Random et Wednesday Night

Thursday, September 2nd, 2004 @ 3:29am. Category: General.

Paul’s commie teacher had this to say about capitalism.

Tonight I went over to Paul and Ryan’s with the intention of taking in Reno911 and Daily Show in an enjoyable, smart, environment. I didn’t get to watch either. At least DS will be on again tomorrow night. Reno reruns on Mondays, I think, anyway. I didn’t get to watch either of them b/c Ryan had a friend from work, Matt, and Matt’s friend Jake over. They’re still in high school, but they were pretty cool. Then Jennifer came over. Apparently Jennifer’s been wanting to meet me for a while. I barely talked to her the entire time, though. She rather killed the fun conversation that was going before she came over. She seems a rather typical preppy high school girl. Like, so totally! *flips hair*

I was doing pretty well this evening, even with 2 new people there, until Jennifer came over. I couldn’t take it, I retreated into my shell and tried to watch the Daily Show. It was hard to hear the TV, though. And I started thinking about Sean. And about how he’s so much more mature than a lot of people I’ve met. About how he’d have the exact same opinion about Ryan’s company tonight. About how I wish I could watch this with him instead. About how I hope I get to talk to him before he starts his new job.
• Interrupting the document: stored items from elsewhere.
(* Let $q$ be a prime power, $n\le m$ and $r\le\min\{n,m\}$. Let $\mathcal M$ be a set of $r$-dimensional subspaces of $\mathbb F_q^m$ with minimum subspace distance $d_{S,M}$, and let $\mathcal N$ be a set of $r$-dimensional subspaces of $\mathbb F_q^n$ with minimum subspace distance $d_{S,N}$. Then there exists a constant-rank code $\mathcal C$, i.e. a set of $m\times n$ matrices over $\mathbb F_q$ all of rank exactly $r$, of cardinality $\min\{|\mathcal M|,|\mathcal N|\}$, such that the column space of every element of $\mathcal C$ lies in $\mathcal M$ and the row space of every element of $\mathcal C$ lies in $\mathcal N$, and whose minimum rank distance $d_R$ satisfies $$d_R\ge\tfrac12 d_{S,M}+\tfrac12 d_{S,N};$$ and if moreover $|\mathcal M|=|\mathcal N|$, then additionally $d_R\le \tfrac12\min\{d_{S,M},d_{S,N}\}+r$.
   Context: For subspaces $U,V$ of $\mathbb F_q^N$, the subspace distance is $d_S(U,V)=\dim(U+V)-\dim(U\cap V)$; the minimum subspace distance of a set of subspaces is the minimum of $d_S$ over pairs of distinct elements. The rank distance of two matrices $\mathbf X,\mathbf Y$ is $\mathrm{rk}(\mathbf X-\mathbf Y)$, and the minimum rank distance of a set of matrices is its minimum over distinct pairs. The column space of an $m\times n$ matrix is a subspace of $\mathbb F_q^m$, its row space a subspace of $\mathbb F_q^n$. *)

From HB Require Import structures.
From mathcomp Require Import all_boot all_order all_algebra.
Set Implicit Arguments. Unset Strict Implicit. Unset Printing Implicit Defensive.
Import GRing.Theory.
Local Open Scope ring_scope.

(* Subspaces of F^k are represented in mxalgebra style by their canonical
   square generator matrix U : 'M[F]_k with <<U>>%MS = U (row space of U). *)
Definition is_subspace (F : fieldType) (k : nat) (U : 'M[F]_k) : bool :=
  (<<U>>%MS == U).

Definition subspace_dist (F : fieldType) (k : nat) (U V : 'M[F]_k) : nat :=
  (\rank (U + V)%MS - \rank (U :&: V)%MS)%N.

Definition rank_dist (F : fieldType) (m n : nat) (X Y : 'M[F]_(m, n)) : nat :=
  \rank (X - Y).

Definition colspace (F : fieldType) (m n : nat) (X : 'M[F]_(m, n)) : 'M[F]_m :=
  <<X^T>>%MS.
Definition rowspace (F : fieldType) (m n : nat) (X : 'M[F]_(m, n)) : 'M[F]_n :=
  <<X>>%MS.

(* d is the minimum of dist over pairs of distinct elements of S
   (in particular S has at least two elements, so the minimum exists). *)
Definition is_min_dist (T : finType) (dist : T -> T -> nat) (S : {set T}) (d : nat) : Prop :=
  (exists x y, [/\ x \in S, y \in S, x != y & dist x y = d]) /\
  (forall x y, x \in S -> y \in S -> x != y -> (d <= dist x y)%N).

From HB Require Import structures.
From mathcomp Require Import all_boot all_order all_algebra.
From mathcomp Require Import zify.
Set Implicit Arguments. Unset Strict Implicit. Unset Printing Implicit Defensive.
Import GRing.Theory.
Local Open Scope ring_scope.

(* The code pairs the i-th subspace of M with the i-th subspace of N through
   U^T V, where the r rows of U and of V are bases of the two subspaces; this
   matrix has exactly those column and row spaces.  For any X, Y put
   a = dim(col X + col Y) and b = dim(row X + row Y), so that the two subspace
   distances are 2a - rk X - rk Y and 2b - rk X - rk Y.  As X - Y has its rows
   in row X + row Y, rk(X - Y) <= b (and likewise <= a), which is the upper
   bound 2 d_R <= d_S + 2r.  For the lower bound, the left kernel K of X gives
   KY = -K(X - Y) inside row(X - Y) :&: row Y, of dimension a - rk X; hence
   b <= dim(row(X - Y) + row Y) <= rk(X - Y) + rk Y - (a - rk X), i.e. the sum
   of the two subspace distances is at most 2 rk(X - Y). *)

Section RankEstimates.

Variables (F : fieldType) (m n : nat).
Implicit Types X Y : 'M[F]_(m, n).

Lemma mxrank_tr_adds_le_mul_ker X Y :
  (\rank (X^T + Y^T)%MS <= \rank (kermx X *m Y) + \rank X)%N.
Proof.
have rank_mul_ker := mxrank_mul_ker (kermx X) Y.
have common_ker : (\rank (kermx X :&: kermx Y)%MS <= \rank (kermx (row_mx X Y)))%N.
  apply: mxrankS; apply/sub_kermxP; rewrite mul_mx_row.
  by rewrite !(sub_kermxP (capmxSl _ _)) !(sub_kermxP (capmxSr _ _)) row_mx0.
have rank_row_mx : \rank (row_mx X Y) = \rank (X^T + Y^T)%MS.
  by rewrite -mxrank_tr tr_row_mx addsmxE.
rewrite !mxrank_ker rank_row_mx in rank_mul_ker common_ker.
have := rank_leq_row X; have := rank_leq_row (row_mx X Y); rewrite rank_row_mx.
lia.
Qed.

Lemma mxrank_mul_ker_le_cap X Y :
  (\rank (kermx X *m Y) <= \rank ((X - Y)%R :&: Y)%MS)%N.
Proof.
apply: mxrankS; rewrite sub_capmx submxMl andbT.
have -> : kermx X *m Y = - (kermx X *m (X - Y)).
  by rewrite mulmxBr mulmx_ker sub0r opprK.
by rewrite eqmx_opp submxMl.
Qed.

Lemma mxrank_adds_tr_le X Y :
  (\rank (X + Y)%MS + \rank (X^T + Y^T)%MS <= \rank (X - Y)%R + \rank X + \rank Y)%N.
Proof.
have row_sum : (\rank (X + Y)%MS <= \rank ((X - Y)%R + Y)%MS)%N.
  apply: mxrankS; rewrite addsmx_sub addsmxSr andbT.
  by rewrite -{1}(subrK Y X) addmx_sub_adds.
have := mxrank_sum_cap (X - Y) Y.
have := mxrank_tr_adds_le_mul_ker X Y; have := mxrank_mul_ker_le_cap X Y.
lia.
Qed.

Lemma mxrank_sub_le_adds X Y : (\rank (X - Y)%R <= \rank (X + Y)%MS)%N.
Proof. by apply: mxrankS; rewrite addmx_sub_adds // eqmx_opp. Qed.

End RankEstimates.

Lemma subspace_dist_genmx (F : fieldType) (k p q : nat)
    (A : 'M[F]_(p, k)) (B : 'M[F]_(q, k)) :
  subspace_dist <<A>>%MS <<B>>%MS = (2 * \rank (A + B)%MS - \rank A - \rank B)%N.
Proof.
rewrite /subspace_dist.
have := mxrank_sum_cap <<A>>%MS <<B>>%MS.
by rewrite (adds_eqmx (genmxE A) (genmxE B)) !genmxE; lia.
Qed.

Section ColspaceRowspaceDistances.

Variables (F : fieldType) (m n : nat) (X Y : 'M[F]_(m, n)).

Lemma colspace_dist_rowspace_dist_le :
  (subspace_dist (colspace X) (colspace Y)
   + subspace_dist (rowspace X) (rowspace Y) <= 2 * rank_dist X Y)%N.
Proof.
rewrite /colspace /rowspace /rank_dist !subspace_dist_genmx !mxrank_tr.
have := mxrank_adds_tr_le X Y.
have := mxrankS (addsmxSl X Y); have := mxrankS (addsmxSr X Y).
have := mxrankS (addsmxSl X^T Y^T); have := mxrankS (addsmxSr X^T Y^T).
by rewrite !mxrank_tr; lia.
Qed.

Lemma rank_dist_le_rowspace_dist :
  (2 * rank_dist X Y <= subspace_dist (rowspace X) (rowspace Y) + \rank X + \rank Y)%N.
Proof.
rewrite /rowspace /rank_dist subspace_dist_genmx.
have := mxrank_sub_le_adds X Y.
have := mxrankS (addsmxSl X Y); have := mxrankS (addsmxSr X Y).
lia.
Qed.

End ColspaceRowspaceDistances.

Lemma rank_dist_tr (F : fieldType) (m n : nat) (X Y : 'M[F]_(m, n)) :
  rank_dist X^T Y^T = rank_dist X Y.
Proof. by rewrite /rank_dist -raddfB mxrank_tr. Qed.

Lemma rank_dist_le_colspace_dist (F : fieldType) (m n : nat) (X Y : 'M[F]_(m, n)) :
  (2 * rank_dist X Y <= subspace_dist (colspace X) (colspace Y) + \rank X + \rank Y)%N.
Proof.
rewrite -rank_dist_tr -(mxrank_tr X) -(mxrank_tr Y).
exact: rank_dist_le_rowspace_dist.
Qed.

(* An r x k matrix whose rows form a basis of U when \rank U = r; the size is
   fixed to r rather than \rank U so that the type does not depend on U. *)
Definition row_basis (F : fieldType) (r k : nat) (U : 'M[F]_k) : 'M[F]_(r, k) :=
  pid_mx r *m row_ebase U.

Lemma row_basisP (F : fieldType) (r k : nat) (U : 'M[F]_k) :
  \rank U = r -> (row_basis r U :=: U)%MS /\ \rank (row_basis r U) = r.
Proof. by move=> <-; split; [exact: eq_row_base | exact/eqP/row_base_free]. Qed.

Definition pair_mx (F : fieldType) (r m n : nat) (U : 'M[F]_m) (V : 'M[F]_n) :
    'M[F]_(m, n) :=
  (row_basis r U)^T *m row_basis r V.

Lemma pair_mxP (F : fieldType) (r m n : nat) (U : 'M[F]_m) (V : 'M[F]_n) :
  is_subspace U -> is_subspace V -> \rank U = r -> \rank V = r ->
  [/\ colspace (pair_mx r U V) = U, rowspace (pair_mx r U V) = V
    & \rank (pair_mx r U V) = r].
Proof.
move=> /eqP genU /eqP genV /row_basisP[eqU rankU] /row_basisP[eqV rankV].
have fullU : row_full (row_basis r U)^T by rewrite /row_full mxrank_tr rankU.
have fullV : row_full (row_basis r V)^T by rewrite /row_full mxrank_tr rankV.
have eq_row : (pair_mx r U V :=: V)%MS := eqmx_trans (eqmxMfull _ fullU) eqV.
have eq_col : ((pair_mx r U V)^T :=: U)%MS.
  by rewrite trmx_mul trmxK; apply: eqmx_trans (eqmxMfull _ fullV) eqU.
by rewrite /colspace /rowspace (eq_genmx eq_row) (eq_genmx eq_col) genU genV eq_row -eqV rankV.
Qed.

Lemma exists_min_dist (T : finType) (dist : T -> T -> nat) (S : {set T}) :
  (1 < #|S|)%N -> exists d, is_min_dist dist S d.
Proof.
case/card_gt1P=> x0 [y0 [x0S y0S x0y0]].
pose P (d : nat) := [exists x in S, exists y in S, (x != y) && (dist x y == d)].
have P_dist x y : x \in S -> y \in S -> x != y -> P (dist x y).
  move=> xS yS xy; apply/existsP; exists x; rewrite xS /=.
  by apply/existsP; exists y; rewrite yS xy eqxx.
have [d Pd d_min] := ex_minnP (ex_intro P _ (P_dist _ _ x0S y0S x0y0)).
exists d; split=> [|x y xS yS xy]; last exact/d_min/P_dist.
by case/existsP: Pd => x /andP[xS /existsP[y /and3P[yS xy /eqP dxy]]]; exists x, y.
Qed.

Lemma min_dist_card_gt1 (T : finType) (dist : T -> T -> nat) (S : {set T}) d :
  is_min_dist dist S d -> (1 < #|S|)%N.
Proof. by case=> [[x [y [xS yS xy _]]] _]; apply/card_gt1P; exists x, y. Qed.

Lemma enum_val_widen_onto (T : finType) (A : {set T}) k (le_k : (k <= #|A|)%N) x :
  (#|A| <= k)%N -> x \in A -> exists i : 'I_k, enum_val (widen_ord le_k i) = x.
Proof.
move=> le_A xA; have lt_k : (enum_rank_in xA x < k)%N := leq_trans (ltn_ord _) le_A.
exists (Ordinal lt_k).
by rewrite (_ : widen_ord _ _ = enum_rank_in xA x) ?enum_rankK_in //; apply: val_inj.
Qed.

Section PairingCode.

Variables (F : finFieldType) (m n r : nat).
Variables (M : {set 'M[F]_m}) (N : {set 'M[F]_n}).
Hypothesis M_subspaces : forall U, U \in M -> is_subspace U /\ \rank U = r.
Hypothesis N_subspaces : forall V, V \in N -> is_subspace V /\ \rank V = r.

Local Notation k := (minn #|M| #|N|).

Definition code_col (i : 'I_k) : 'M[F]_m := enum_val (widen_ord (geq_minl #|M| #|N|) i).
Definition code_row (i : 'I_k) : 'M[F]_n := enum_val (widen_ord (geq_minr #|M| #|N|) i).
Definition code_word (i : 'I_k) : 'M[F]_(m, n) := pair_mx r (code_col i) (code_row i).
Definition pairing_code : {set 'M[F]_(m, n)} := [set code_word i | i : 'I_k].

Lemma code_wordP i :
  [/\ colspace (code_word i) = code_col i, rowspace (code_word i) = code_row i
    & \rank (code_word i) = r].
Proof.
have [subU rankU] := M_subspaces (enum_valP (widen_ord (geq_minl #|M| #|N|) i)).
have [subV rankV] := N_subspaces (enum_valP (widen_ord (geq_minr #|M| #|N|) i)).
exact: pair_mxP.
Qed.

Lemma code_col_inj : injective code_col.
Proof. by move=> i j /enum_val_inj/(congr1 val) eq_ij; apply: val_inj. Qed.

Lemma code_row_inj : injective code_row.
Proof. by move=> i j /enum_val_inj/(congr1 val) eq_ij; apply: val_inj. Qed.

Lemma pairing_codeP X :
  X \in pairing_code -> exists i, [/\ X = code_word i, colspace X = code_col i,
                                    rowspace X = code_row i & \rank X = r].
Proof. by case/imsetP=> i _ ->; exists i; have [] := code_wordP i. Qed.

Lemma mem_pairing_code i : code_word i \in pairing_code.
Proof. exact: imset_f. Qed.

Lemma card_pairing_code : #|pairing_code| = k.
Proof.
rewrite card_imset ?card_ord // => i j eq_ij; apply: code_col_inj.
by have [<- _ _] := code_wordP i; rewrite eq_ij; have [] := code_wordP j.
Qed.

Lemma pairing_code_min_dist_ge dSM dSN dR :
  is_min_dist (@subspace_dist F m) M dSM -> is_min_dist (@subspace_dist F n) N dSN ->
  is_min_dist (@rank_dist F m n) pairing_code dR -> (dSM + dSN <= 2 * dR)%N.
Proof.
move=> [_ min_M] [_ min_N] [[X [Y [XC YC XY <-]]] _].
have [i [eX col_i row_i _]] := pairing_codeP XC.
have [j [eY col_j row_j _]] := pairing_codeP YC.
subst X Y.
have ij : i != j by apply: contraNneq XY => ->.
have col_ij : code_col i != code_col j by rewrite (inj_eq code_col_inj).
have row_ij : code_row i != code_row j by rewrite (inj_eq code_row_inj).
have := min_M (code_col i) (code_col j) (enum_valP _) (enum_valP _) col_ij.
have := min_N (code_row i) (code_row j) (enum_valP _) (enum_valP _) row_ij.
have := colspace_dist_rowspace_dist_le (code_word i) (code_word j).
rewrite col_i col_j row_i row_j; lia.
Qed.

Lemma pairing_code_min_dist_le_colspace dSM dR :
  (#|M| <= #|N|)%N -> is_min_dist (@subspace_dist F m) M dSM ->
  is_min_dist (@rank_dist F m n) pairing_code dR -> (2 * dR <= dSM + 2 * r)%N.
Proof.
move=> le_MN [[U [U' [UM U'M UU' <-]]] _] [_ min_C].
have le_M_k : (#|M| <= k)%N by rewrite leq_min leqnn.
have [i col_i] := enum_val_widen_onto (geq_minl #|M| #|N|) le_M_k UM.
have [j col_j] := enum_val_widen_onto (geq_minl #|M| #|N|) le_M_k U'M.
have {col_i col_j} [col_i col_j] : code_col i = U /\ code_col j = U' by [].
have [col_wi _ rank_i] := code_wordP i; have [col_wj _ rank_j] := code_wordP j.
have ij : code_word i != code_word j.
  by apply: contraNneq UU' => eq_ij; rewrite -col_i -col_j -col_wi -col_wj eq_ij.
have := min_C _ _ (mem_pairing_code i) (mem_pairing_code j) ij.
have := rank_dist_le_colspace_dist (code_word i) (code_word j).
rewrite col_wi col_wj col_i col_j rank_i rank_j; lia.
Qed.

Lemma pairing_code_min_dist_le_rowspace dSN dR :
  (#|N| <= #|M|)%N -> is_min_dist (@subspace_dist F n) N dSN ->
  is_min_dist (@rank_dist F m n) pairing_code dR -> (2 * dR <= dSN + 2 * r)%N.
Proof.
move=> le_NM [[V [V' [VN V'N VV' <-]]] _] [_ min_C].
have le_N_k : (#|N| <= k)%N by rewrite leq_min leqnn andbT.
have [i row_i] := enum_val_widen_onto (geq_minr #|M| #|N|) le_N_k VN.
have [j row_j] := enum_val_widen_onto (geq_minr #|M| #|N|) le_N_k V'N.
have {row_i row_j} [row_i row_j] : code_row i = V /\ code_row j = V' by [].
have [_ row_wi rank_i] := code_wordP i; have [_ row_wj rank_j] := code_wordP j.
have ij : code_word i != code_word j.
  by apply: contraNneq VV' => eq_ij; rewrite -row_i -row_j -row_wi -row_wj eq_ij.
have := min_C _ _ (mem_pairing_code i) (mem_pairing_code j) ij.
have := rank_dist_le_rowspace_dist (code_word i) (code_word j).
rewrite row_wi row_wj row_i row_j rank_i rank_j; lia.
Qed.

End PairingCode.

Theorem proposition2 (F : finFieldType) (m n r : nat)
  (Hnm : (n <= m)%N) (Hr : (r <= minn n m)%N)
  (M : {set 'M[F]_m}) (N : {set 'M[F]_n}) (dSM dSN : nat)
  (HMsub : forall U, U \in M -> is_subspace U /\ \rank U = r)
  (HNsub : forall V, V \in N -> is_subspace V /\ \rank V = r)
  (HdM : is_min_dist (@subspace_dist F m) M dSM)
  (HdN : is_min_dist (@subspace_dist F n) N dSN) :
  exists (C : {set 'M[F]_(m, n)}) (dR : nat),
    #|C| = minn #|M| #|N| /\
    (forall X, X \in C -> \rank X = r) /\
    (forall X, X \in C -> colspace X \in M) /\
    (forall X, X \in C -> rowspace X \in N) /\
    is_min_dist (@rank_dist F m n) C dR /\
    (dSM + dSN <= 2 * dR)%N /\
    (#|M| = #|N| -> (2 * dR <= minn dSM dSN + 2 * r)%N).
Proof.
set C := pairing_code r M N.
have card_C : #|C| = minn #|M| #|N| by exact: card_pairing_code.
have [dR HdR] : exists dR, is_min_dist (@rank_dist F m n) C dR.
  apply: exists_min_dist; rewrite card_C leq_min.
  by rewrite (min_dist_card_gt1 HdM) (min_dist_card_gt1 HdN).
exists C, dR; split=> //.
split; first by move=> X /(pairing_codeP HMsub HNsub)[i [_ _ _ ->]].
split; first by move=> X /(pairing_codeP HMsub HNsub)[i [_ -> _ _]]; exact: enum_valP.
split; first by move=> X /(pairing_codeP HMsub HNsub)[i [_ _ -> _]]; exact: enum_valP.
split=> //; split; first exact: pairing_code_min_dist_ge HdM HdN HdR.
move=> eq_MN.
have := pairing_code_min_dist_le_colspace HMsub HNsub (eq_leq eq_MN) HdM HdR.
have := pairing_code_min_dist_le_rowspace HMsub HNsub (eq_leq (esym eq_MN)) HdN HdR.
lia.
Qed.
For some reason I thought there would be a message waiting for me when I got home. There’s no reason for me to think that. He’s given me no indication whatsoever of when he’ll talk to me. I guess I’m just anxious. I’m going to wait until I get home from class on Friday to send him another e-mail, so that he has his space. I’m just getting so anxious, not knowing whether we’ll be friends or not. That part is scaring me. I don’t want to lose him. I just wish I had some sign.